SUPPLIED ENTRIES:

───

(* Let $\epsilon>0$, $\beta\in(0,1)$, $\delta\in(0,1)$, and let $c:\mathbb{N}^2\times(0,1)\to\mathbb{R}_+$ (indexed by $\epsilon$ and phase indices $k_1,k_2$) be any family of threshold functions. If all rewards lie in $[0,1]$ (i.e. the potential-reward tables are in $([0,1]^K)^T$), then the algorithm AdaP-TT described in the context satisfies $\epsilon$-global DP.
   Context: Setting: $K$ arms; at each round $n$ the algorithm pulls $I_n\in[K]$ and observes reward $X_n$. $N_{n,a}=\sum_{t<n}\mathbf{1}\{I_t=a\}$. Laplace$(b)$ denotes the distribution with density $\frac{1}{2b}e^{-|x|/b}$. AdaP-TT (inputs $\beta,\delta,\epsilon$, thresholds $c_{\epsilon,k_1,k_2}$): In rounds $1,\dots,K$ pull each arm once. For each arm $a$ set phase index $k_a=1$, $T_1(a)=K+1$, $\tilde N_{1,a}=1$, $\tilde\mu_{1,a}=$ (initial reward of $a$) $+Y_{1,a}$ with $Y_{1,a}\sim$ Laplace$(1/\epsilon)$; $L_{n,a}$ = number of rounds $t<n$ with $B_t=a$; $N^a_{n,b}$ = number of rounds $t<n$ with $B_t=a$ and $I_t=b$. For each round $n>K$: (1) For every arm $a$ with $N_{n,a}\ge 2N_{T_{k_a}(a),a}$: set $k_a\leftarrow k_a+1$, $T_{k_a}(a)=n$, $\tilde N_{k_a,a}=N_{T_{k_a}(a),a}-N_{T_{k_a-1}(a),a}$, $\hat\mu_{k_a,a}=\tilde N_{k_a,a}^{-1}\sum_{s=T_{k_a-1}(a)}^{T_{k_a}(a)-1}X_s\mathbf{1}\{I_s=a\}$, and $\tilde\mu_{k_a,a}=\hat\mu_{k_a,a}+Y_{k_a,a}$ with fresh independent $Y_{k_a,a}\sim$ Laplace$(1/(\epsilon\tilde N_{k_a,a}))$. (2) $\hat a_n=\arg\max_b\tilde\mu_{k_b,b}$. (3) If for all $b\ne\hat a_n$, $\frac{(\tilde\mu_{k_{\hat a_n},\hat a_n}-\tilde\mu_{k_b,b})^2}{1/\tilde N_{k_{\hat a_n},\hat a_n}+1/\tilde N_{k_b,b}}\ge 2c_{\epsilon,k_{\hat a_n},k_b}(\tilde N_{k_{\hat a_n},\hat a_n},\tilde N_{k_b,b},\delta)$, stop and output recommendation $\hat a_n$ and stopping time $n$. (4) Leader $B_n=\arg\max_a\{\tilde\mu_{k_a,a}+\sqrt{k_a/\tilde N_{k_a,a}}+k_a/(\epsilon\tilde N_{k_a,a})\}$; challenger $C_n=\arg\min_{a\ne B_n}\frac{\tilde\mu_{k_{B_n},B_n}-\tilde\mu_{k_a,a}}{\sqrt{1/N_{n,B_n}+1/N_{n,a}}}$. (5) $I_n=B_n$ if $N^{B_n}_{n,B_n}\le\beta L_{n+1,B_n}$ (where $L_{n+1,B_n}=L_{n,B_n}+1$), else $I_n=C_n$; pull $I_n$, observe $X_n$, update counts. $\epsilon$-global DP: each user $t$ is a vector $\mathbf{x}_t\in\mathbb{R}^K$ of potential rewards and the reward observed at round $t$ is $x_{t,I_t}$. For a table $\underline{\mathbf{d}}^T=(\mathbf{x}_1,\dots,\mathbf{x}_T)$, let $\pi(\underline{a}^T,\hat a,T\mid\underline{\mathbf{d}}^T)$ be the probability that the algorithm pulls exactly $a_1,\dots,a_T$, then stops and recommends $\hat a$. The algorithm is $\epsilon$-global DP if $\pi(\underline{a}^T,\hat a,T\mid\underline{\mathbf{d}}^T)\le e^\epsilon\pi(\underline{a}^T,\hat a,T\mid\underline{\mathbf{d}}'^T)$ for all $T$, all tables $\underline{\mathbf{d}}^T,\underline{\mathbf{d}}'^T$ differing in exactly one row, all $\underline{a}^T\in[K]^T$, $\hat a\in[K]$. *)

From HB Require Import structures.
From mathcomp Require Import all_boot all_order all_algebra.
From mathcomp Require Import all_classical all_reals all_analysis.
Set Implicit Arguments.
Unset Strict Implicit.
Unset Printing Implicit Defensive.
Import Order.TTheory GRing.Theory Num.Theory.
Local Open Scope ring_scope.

───

EXERCISE PROMPT:
Show every line of the material above in which "mathcomp" is present.

ANSWER BOX:
From mathcomp Require Import all_boot all_order all_algebra.
From mathcomp Require Import all_classical all_reals all_analysis.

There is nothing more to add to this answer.